Use it when you have many prices, percentages, or long decimals in prompt context.

```python
from narrata import digit_tokenize

print(digit_tokenize("Price 171.24, move +3.2%"))
# <digits-split>
# Price 1 7 1 . 2 4 , move + 3 . 2 %
```

## Features

- Input validation for OHLCV DataFrames
- Summary analysis with date range context
- Regime classification (`Uptrend` / `Downtrend` / `Ranging`)
- RSI and MACD interpretation
- Bollinger Band and moving average crossover descriptions
- Volatility and volume context
- SAX symbolic encoding
- ASTRIDE adaptive symbolic encoding (with `ruptures`)
- Pattern and candlestick detection
- Support/resistance extraction
- Sparkline generation
- Output formatting (`plain`, `markdown_kv`, `toon`)

## FAQ

### Is narrata redundant if I already use OpenBB, yfinance, or another data SDK?

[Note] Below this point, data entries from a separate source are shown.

(* Let $\gamma\in\mathcal S_n$ and $\sigma=(\varepsilon,\varepsilon,\gamma;(123))$. Fix a positive integer $d$, and let $r$ be the number of cycles of $\gamma$ of length $d$. Suppose there do not exist lengths $d',d''$ of cycles of $\gamma$ (not necessarily distinct cycles) with $d\notin\{d',d''\}$ and $\operatorname{lcm}(d,d')=\operatorname{lcm}(d,d'')=\operatorname{lcm}(d',d'')$. Then $\sigma\notin\mathrm{Par}(n)$ if either <ul> <li>(i) $r=1$ and $n+d\equiv1\pmod3$, or</li> <li>(ii) $3\mid d$ and $3\nmid nr$.</li> </ul>
   Context: A Latin square of order $n$ is an $n\times n$ array with rows, columns and symbols indexed by $[n]$, each symbol occurring once in each row and each column, with triple set $O(L)$. Permutations act on the right; $\varepsilon$ is the identity; fixed points count as cycles of length $1$. A paratopism $(\alpha,\beta,\gamma;(123))$ maps $L$ to $L^\sigma$ with triple set $\{(z\gamma,x\alpha,y\beta):(x,y,z)\in O(L)\}$; it is an autoparatopism of $L$ if $L^\sigma=L$. $\mathrm{Par}(n)$ is the set of paratopisms that are autoparatopisms of at least one Latin square of order $n$. *)

From mathcomp Require Import all_boot all_order all_fingroup.
Set Implicit Arguments. Unset Strict Implicit. Unset Printing Implicit Defensive.

(* Symbols, rows and columns are indexed by 'I_n (i.e. [n] shifted to 0..n-1). *)
Definition is_latin (n : nat) (L : 'I_n -> 'I_n -> 'I_n) : Prop :=
  (forall x, injective (L x)) /\ (forall y, injective (fun x => L x y)).

Definition triples (n : nat) (L : 'I_n -> 'I_n -> 'I_n) : {set 'I_n * 'I_n * 'I_n} :=
  [set t : 'I_n * 'I_n * 'I_n | t.2 == L t.1.1 t.1.2].

(* Triple set of L^sigma for sigma = (alpha, beta, gamma; (123)):
   {(z gamma, x alpha, y beta) : (x, y, z) in O(L)}; permutations act on the right,
   so x alpha is written alpha x. *)
Definition par123_image (n : nat) (alpha beta gamma : {perm 'I_n})
    (O : {set 'I_n * 'I_n * 'I_n}) : {set 'I_n * 'I_n * 'I_n} :=
  [set (gamma t.2, alpha t.1.1, beta t.1.2) | t in O].

Definition is_autoparatopism123 (n : nat) (alpha beta gamma : {perm 'I_n})
    (L : 'I_n -> 'I_n -> 'I_n) : Prop :=
  par123_image alpha beta gamma (triples L) = triples L.

Definition in_Par123 (n : nat) (alpha beta gamma : {perm 'I_n}) : Prop :=
  exists L : 'I_n -> 'I_n -> 'I_n, is_latin L /\ is_autoparatopism123 alpha beta gamma L.

(* Cycles of a permutation (fixed points are cycles of length 1). *)
Definition cycle_length_of (n : nat) (g : {perm 'I_n}) (l : nat) : Prop :=
  exists2 c, c \in porbits g & #|c| = l.

Definition num_cycles_of_length (n : nat) (g : {perm 'I_n}) (d : nat) : nat :=
  #|[set c in porbits g | #|c| == d]|.

(* If sigma = (e, e, gamma; (123)) is an autoparatopism of L, then
   L (gamma (L x y)) x = y, so gamma is an automorphism of L and sigma permutes
   the cells of L by tau (x, y) = (gamma (L x y), x), with tau^3 = gamma x gamma.
   Hence the cycle lengths of x, y and L x y are pairwise lcm-balanced, and the
   hypothesis forces a row in the set D of points on d-cycles and a column
   outside D to meet in a symbol of D.  The set S of cells whose row, column and
   symbol lie in D then has |D| (2|D| - n) elements.  S is tau-invariant, its
   tau-orbits have length d or 3d, length d only if 3 does not divide d, and a
   cell of tau-order d is determined by its row, so there are at most |D| of
   them.  Counting |S| modulo 3d yields the two obstructions. *)

From mathcomp Require Import all_boot all_order all_fingroup.
From mathcomp Require Import zify.
Set Implicit Arguments. Unset Strict Implicit. Unset Printing Implicit Defensive.

Lemma lcmn_eq_of_dvd a b c :
  a %| lcmn b c -> b %| lcmn a c -> c %| lcmn a b ->
  lcmn a b = lcmn a c /\ lcmn a c = lcmn b c.
Proof.
by move=> a_bc b_ac c_ab; split; apply/eqP;
  rewrite eqn_dvd !dvdn_lcm ?dvdn_lcml ?dvdn_lcmr ?a_bc ?b_ac ?c_ab.
Qed.

Lemma mul3_dvdn_cases o d : 0 < d -> (forall t, (o %| 3 * t) = (d %| t)) ->
  o = 3 * d \/ o = d /\ ~~ (3 %| d).
Proof.
move=> d_gt0 o3t_dt.
have o_3d : o %| 3 * d by rewrite o3t_dt.
have /dvdnP[m o_md] : d %| o by rewrite -o3t_dt dvdn_mull.
have : m %| 3 by rewrite -(dvdn_pmul2r d_gt0) -o_md.
rewrite o_md in o3t_dt *; case: m o3t_dt {o_md o_3d} => [|[|[|[|m]]]] // o3t_dt _; last by left.
right; rewrite mul1n in o3t_dt *; split=> //; apply/negP => /dvdnP[k d_k3].
have k_gt0 : 0 < k by lia.
have : d %| k by rewrite -o3t_dt d_k3 mulnC.
by move/(dvdn_leq k_gt0); lia.
Qed.

Lemma dvdn3_orbit_count e r n d : 3 %| d -> r * d <= n ->
  3 * e + r * (n - r * d) = r * (r * d) -> 3 %| n * r.
Proof.
move=> /dvdnP[k ->] rd_n count; apply/dvdnP; exists (2 * r * r * k - e).
rewrite mulnBl; nia.
Qed.

Lemma iter_eq_dvd (T : eqType) (f : T -> T) x c :
  0 < c -> iter c f x = x -> uniq (traject f x c) ->
  forall k, (iter k f x == x) = (c %| k).
Proof.
move=> c_gt0 fcx Ux k.
have fqx q : iter q (iter c f) x = x by elim: q => //= q ->.
have -> : iter k f x = iter (k %% c) f x.
  by rewrite {1}(divn_eq k c) addnC iterD iterM fqx.
apply/eqP/idP => [fkx | /dvdnP[q ->]]; last by rewrite modnMl.
rewrite /dvdn; apply/eqP.
have := nth_uniq x (i := k %% c) (j := 0) _ _ Ux.
rewrite size_traject ltn_mod c_gt0 => /(_ isT isT).
by rewrite !nth_traject ?ltn_mod // fkx eqxx => /esym/eqP.
Qed.

Lemma iter_order_eq (T : finType) (f : T -> T) : injective f ->
  forall x k, (iter k f x == x) = (fingraph.order f x %| k).
Proof.
move=> f_inj x; apply: iter_eq_dvd; first exact: fingraph.order_gt0.
  exact: iter_order.
exact: orbit_uniq.
Qed.

Lemma order_f (T : finType) (f : T -> T) : injective f ->
  forall x, fingraph.order f (f x) = fingraph.order f x.
Proof. by move=> f_inj x; apply: eq_card => y; rewrite /in_mem /= -same_fconnect1. Qed.

Definition cycle_len (T : finType) (s : {perm T}) x := #|porbit s x|.

Section CycleLength.

Variables (T : finType) (s : {perm T}).

Lemma iter_cycle_len x k : (iter k s x == x) = (cycle_len s x %| k).
Proof.
apply: iter_eq_dvd; first by rewrite lt0n card_porbit_neq0.
  exact: iter_porbit.
exact: uniq_traject_porbit.
Qed.

Lemma cycle_len_perm x : cycle_len s (s x) = cycle_len s x.
Proof. by rewrite /cycle_len -(porbit_perm s 1 x) expg1. Qed.

Lemma partition_porbits : partition (porbits s) [set: T].
Proof.
have /orbit_partition : [acts <[s]>%g, on [set: T] | 'P].
  by apply/actsP => a _ x; rewrite !inE.
rewrite -porbitE; congr partition; apply/setP => c.
by apply/imsetP/imsetP => -[x _ ->]; exists x.
Qed.

Lemma card_cycle_len_eq d : 0 < d ->
  #|[set x | cycle_len s x == d]| = #|[set c in porbits s | #|c| == d]| * d.
Proof.
move=> d_gt0; apply: card_uniform_partition => [c|].
  by rewrite inE => /andP[_ /eqP].
have [_ /trivIsetS triv _] := and3P partition_porbits.
apply/and3P; split; last by rewrite inE cards0 eq_sym (negbTE (lt0n_neq0 d_gt0)) andbF.
- apply/eqP/setP => x; rewrite inE; apply/bigcupP/idP => [[c]|x_d].
    rewrite inE => /andP[/imsetP[y _ ->] /eqP <-] x_y.
    by rewrite /cycle_len (eqP (_ : porbit s x == porbit s y)) ?eq_porbit_mem.
  by exists (porbit s x); rewrite ?porbit_id // inE imset_f.
- by apply: triv; apply/subsetP => c; rewrite inE => /andP[].
Qed.

End CycleLength.

Lemma num_cycles_of_length_le n (g : {perm 'I_n}) d :
  0 < d -> num_cycles_of_length g d * d <= n.
Proof.
by move=> d_gt0; rewrite -(card_cycle_len_eq g d_gt0) -[X in _ <= X]card_ord max_card.
Qed.

Definition lcm_balanced_pair n (g : {perm 'I_n}) d :=
  exists d' d'' : nat,
    [/\ cycle_length_of g d', cycle_length_of g d'', d <> d', d <> d'' &
        lcmn d d' = lcmn d d'' /\ lcmn d d'' = lcmn d' d''].

Lemma cycle_length_of_cycle_len n (g : {perm 'I_n}) x :
  cycle_length_of g (cycle_len g x).
Proof. by exists (porbit g x); rewrite ?imset_f. Qed.

Lemma autoparatopism123_11P n (g : {perm 'I_n}) L :
  is_autoparatopism123 1 1 g L -> forall x y, L (g (L x y)) x = y.
Proof.
move=> autL x y.
have : (g (L x y), x, y) \in par123_image 1 1 g (triples L).
  by apply/imsetP; exists (x, y, L x y); rewrite ?inE //= !perm1.
by rewrite autL inE => /eqP.
Qed.

Section Autoparatopism.

Variables (n : nat) (g : {perm 'I_n}) (L : 'I_n -> 'I_n -> 'I_n).
Hypothesis Lg : forall x y, L (g (L x y)) x = y.

Lemma L_rotate x y : L (g y) (g (L x y)) = x.
Proof. by have := Lg (g (L x y)) x; rewrite [L (g _) x]Lg. Qed.

Lemma L_perm x y : L (g x) (g y) = g (L x y).
Proof. by have := Lg (g y) (g (L x y)); rewrite L_rotate. Qed.

Lemma L_iter k x y : L (iter k g x) (iter k g y) = iter k g (L x y).
Proof. by elim: k => //= k IHk; rewrite L_perm IHk. Qed.

Lemma cycle_len_L_dvd x y :
  cycle_len g (L x y) %| lcmn (cycle_len g x) (cycle_len g y).
Proof.
set k := lcmn _ _.
have gkx : iter k g x = x by apply/eqP; rewrite iter_cycle_len dvdn_lcml.
have gky : iter k g y = y by apply/eqP; rewrite iter_cycle_len dvdn_lcmr.
by rewrite -iter_cycle_len -L_iter gkx gky.
Qed.

Lemma cycle_len_L_lcm x y :
  let a := cycle_len g x in let b := cycle_len g y in
  let c := cycle_len g (L x y) in
  lcmn a b = lcmn a c /\ lcmn a c = lcmn b c.
Proof.
have c_ab := cycle_len_L_dvd x y.
have := cycle_len_L_dvd (g (L x y)) x.
rewrite [L (g _) x]Lg cycle_len_perm (lcmnC _ (cycle_len g x)) => b_ac.
have := cycle_len_L_dvd (g y) (g (L x y)).
rewrite L_rotate !cycle_len_perm => a_bc.
exact: lcmn_eq_of_dvd.
Qed.

End Autoparatopism.

Definition cell_shift n (g : {perm 'I_n}) (L : 'I_n -> 'I_n -> 'I_n) p :=
  (g (L p.1 p.2), p.1).

Section ClosedCells.

Variables (n : nat) (g : {perm 'I_n}) (L : 'I_n -> 'I_n -> 'I_n) (d : nat).
Hypotheses (latinL : is_latin L) (Lg : forall x y, L (g (L x y)) x = y).
Hypotheses (d_gt0 : 0 < d) (no_pair : ~ lcm_balanced_pair g d).

Let D := [set x | cycle_len g x == d].
Let S := [set p : 'I_n * 'I_n | [&& p.1 \in D, p.2 \in D & L p.1 p.2 \in D]].
Let tau := cell_shift g L.
Let Od := [set p | fingraph.order tau p == d].

Lemma cycle_len_L_eq x y :
  cycle_len g x = d -> cycle_len g y != d -> cycle_len g (L x y) = d.
Proof.
move=> x_d y_d; apply/eqP/negPn/negP => Lxy_d; apply: no_pair.
exists (cycle_len g y), (cycle_len g (L x y)).
split; rewrite -?x_d; try exact: cycle_length_of_cycle_len; try exact: cycle_len_L_lcm.
- by move=> e; rewrite -e x_d eqxx in y_d.
- by move=> e; rewrite -e x_d eqxx in Lxy_d.
Qed.

Lemma card_closed_row x : x \in D ->
  #|[set y | (x, y) \in S]| + (n - #|D|) = #|D|.
Proof.
rewrite inE => /eqP x_d; have [/(_ x) Lx_inj _] := latinL.
have -> : n - #|D| = #|~: D| by have := cardsC D; rewrite card_ord; lia.
rewrite -(card_preimset D Lx_inj) -(cardsID D (L x @^-1: D)); congr (_ + _).
  by apply: eq_card => y; rewrite !inE x_d eqxx /= andbC.
apply: eq_card => y; rewrite !inE.
by case y_d: (cycle_len g y == d) => //=; rewrite (cycle_len_L_eq x_d) ?eqxx ?y_d.
Qed.

Lemma card_closed_cells : #|S| + #|D| * (n - #|D|) = #|D| * #|D|.
Proof.
have row0 x : x \notin D -> #|[set y | (x, y) \in S]| = 0.
  rewrite inE => /negbTE x_d; apply/eqP; rewrite cards_eq0; apply/eqP/setP => y.
  by rewrite !inE x_d.
have -> : #|S| = \sum_x #|[set y | (x, y) \in S]|.
  under eq_bigr do rewrite -sum1dep_card big_mkcond /=.
  by rewrite pair_big -sum1_card big_mkcond [RHS]big_mkcond; apply: eq_bigr => -[x y].
rewrite (bigID (mem D)) /= [X in _ + X + _]big1 ?addn0; last by move=> x /row0.
by rewrite -!sum_nat_const -big_split; apply: eq_bigr => x; apply: card_closed_row.
Qed.

Lemma cell_shift_inj : injective tau.
Proof.
move=> [x y] [x' y'] [/perm_inj /= Lxy x_x']; rewrite -x_x' in Lxy *.
by rewrite (latinL.1 x _ _ Lxy).
Qed.

Lemma iter_cell_shift3 k x y : iter (3 * k) tau (x, y) = (iter k g x, iter k g y).
Proof.
elim: k => [//|k IHk].
by rewrite mulnS iterD IHk /= /tau /cell_shift /= !Lg.
Qed.

Lemma cell_shift_closed p : (tau p \in S) = (p \in S).
Proof.
by case: p => x y; rewrite !inE /= Lg cycle_len_perm andbC -andbA.
Qed.

Lemma order_cell_shift_dvd3 p : p \in S ->
  forall t, (fingraph.order tau p %| 3 * t) = (d %| t).
Proof.
case: p => x y; rewrite !inE => /and3P[/= /eqP x_d /eqP y_d _] t.
rewrite -iter_order_eq; last exact: cell_shift_inj.
by rewrite iter_cell_shift3 xpair_eqE !iter_cycle_len x_d y_d andbb.
Qed.

Lemma cell_shift_order_d_snd p : p \in S -> fingraph.order tau p = d ->
  p.2 = iter (d * d %/ 3) g p.1.
Proof.
move=> pS po; have [|[_ d_3]] := mul3_dvdn_cases d_gt0 (order_cell_shift_dvd3 pS).
  by lia.
(* d * d = 1 (mod 3), so tau^(d * d) = tau \o tau^(3 * (d * d %/ 3)). *)
have dd_mod3 : d * d %% 3 = 1.
  rewrite -modnMm; move: d_3; rewrite /dvdn.
  by case: (d %% 3) (ltn_pmod d (isT : 0 < 3)) => [|[|[|k]]].
have : iter (d * d) tau p == p by rewrite (iter_order_eq cell_shift_inj) po dvdn_mull.
case: p {pS po} => x y.
by rewrite {1}(divn_eq (d * d) 3) dd_mod3 addn1 iterS mulnC iter_cell_shift3 => /eqP[_ <-].
Qed.

Lemma card_closed_cells_order_d_le : #|S :&: Od| <= #|D|.
Proof.
rewrite -(card_in_imset (f := fst)).
  apply/subset_leq_card/subsetP => _ /imsetP[p + ->].
  by rewrite in_setI inE => /andP[/and3P[]].
move=> p q; rewrite !in_setI ![_ \in Od]inE => /andP[pS /eqP po] /andP[qS /eqP qo] pq.
rewrite [p]surjective_pairing [q]surjective_pairing.
by rewrite (cell_shift_order_d_snd pS po) (cell_shift_order_d_snd qS qo) pq.
Qed.

Lemma closed_cells_order_d_eq0 : 3 %| d -> S :&: Od = set0.
Proof.
move=> d_3; apply/setP => p; rewrite in_setI in_set0 [_ \in Od]inE.
apply/negP => /andP[pS /eqP po].
have [|[_]] := mul3_dvdn_cases d_gt0 (order_cell_shift_dvd3 pS); last by rewrite d_3.
by lia.
Qed.

Lemma fclosed_closed_cells_order_d : fclosed tau (S :&: Od).
Proof.
move=> p _ /eqP <-.
by rewrite !in_setI cell_shift_closed !inE (order_f cell_shift_inj).
Qed.

Lemma fclosed_closed_cells_order_3d : fclosed tau (S :\: Od).
Proof.
move=> p _ /eqP <-.
by rewrite !in_setD cell_shift_closed !inE (order_f cell_shift_inj).
Qed.

Lemma fcard_closed_cells_order_d : fcard tau (S :&: Od) * d = #|S :&: Od|.
Proof.
apply: (fcard_order_set cell_shift_inj); last exact: fclosed_closed_cells_order_d.
by apply/subsetP => p; rewrite in_setI [_ \in Od]inE => /andP[].
Qed.

Lemma fcard_closed_cells_order_3d :
  fcard tau (S :\: Od) * (3 * d) = #|S :\: Od|.
Proof.
apply: (fcard_order_set cell_shift_inj).
  apply/subsetP => p; rewrite in_setD inE => /andP[p_d pS]; rewrite inE.
  have [-> //|[po _]] := mul3_dvdn_cases d_gt0 (order_cell_shift_dvd3 pS).
  by rewrite po eqxx in p_d.
exact: fclosed_closed_cells_order_3d.
Qed.

Lemma closed_cell_orbit_count (r := num_cycles_of_length g d) :
  exists e1 e2, [/\ e1 + 3 * e2 + r * (n - r * d) = r * (r * d), e1 <= r
                   & 3 %| d -> e1 = 0].
Proof.
have card_D : #|D| = r * d := card_cycle_len_eq g d_gt0.
exists (fcard tau (S :&: Od)), (fcard tau (S :\: Od)); split.
- apply/eqP; rewrite -(eqn_pmul2r d_gt0); apply/eqP.
  have := card_closed_cells; rewrite -(cardsID Od S) -fcard_closed_cells_order_d.
  rewrite -fcard_closed_cells_order_3d card_D; move: (n - r * d) => k; nia.
- rewrite -(leq_pmul2r d_gt0) fcard_closed_cells_order_d -card_D.
  exact: card_closed_cells_order_d_le.
- move=> d_3; have := fcard_closed_cells_order_d.
  by rewrite closed_cells_order_d_eq0 // cards0 => /eqP; rewrite muln_eq0 => /orP[/eqP|] //; lia.
Qed.

End ClosedCells.

Theorem theorem5p1 (n : nat) (gamma : {perm 'I_n}) (d : nat) :
  0 < d ->
  ~ (exists d' d'' : nat,
        [/\ cycle_length_of gamma d', cycle_length_of gamma d'',
            d <> d', d <> d'' &
            lcmn d d' = lcmn d d'' /\ lcmn d d'' = lcmn d' d'']) ->
  (num_cycles_of_length gamma d = 1 /\ (n + d) %% 3 = 1
   \/ 3 %| d /\ ~~ (3 %| n * num_cycles_of_length gamma d)) ->
  ~ in_Par123 1 1 gamma.
Proof.
move=> d_gt0 no_pair cases [L [latinL autL]].
have Lg := autoparatopism123_11P autL.
have rd_n := num_cycles_of_length_le gamma d_gt0.
have [e1 [e2 [count e1_r e1_0]]] := closed_cell_orbit_count latinL Lg d_gt0 no_pair.
case: cases => [[r1 nd_mod3] | [d_3 /negP]]; first by rewrite r1 in count e1_r rd_n; lia.
by apply; rewrite e1_0 // in count; apply: dvdn3_orbit_count count.
Qed.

No. `narrata` is complementary. It sits on top of your data access layer and converts OHLCV data into concise, LLM-ready narrative text.

### Does narrata call an LLM or provide LLM endpoints?

No. `narrata` is a pure Python library with deterministic, programmatic analysis and narration. It does not call LLM APIs.

## Citation

If you use `narrata` in research or public projects, cite this package using `CITATION.cff`.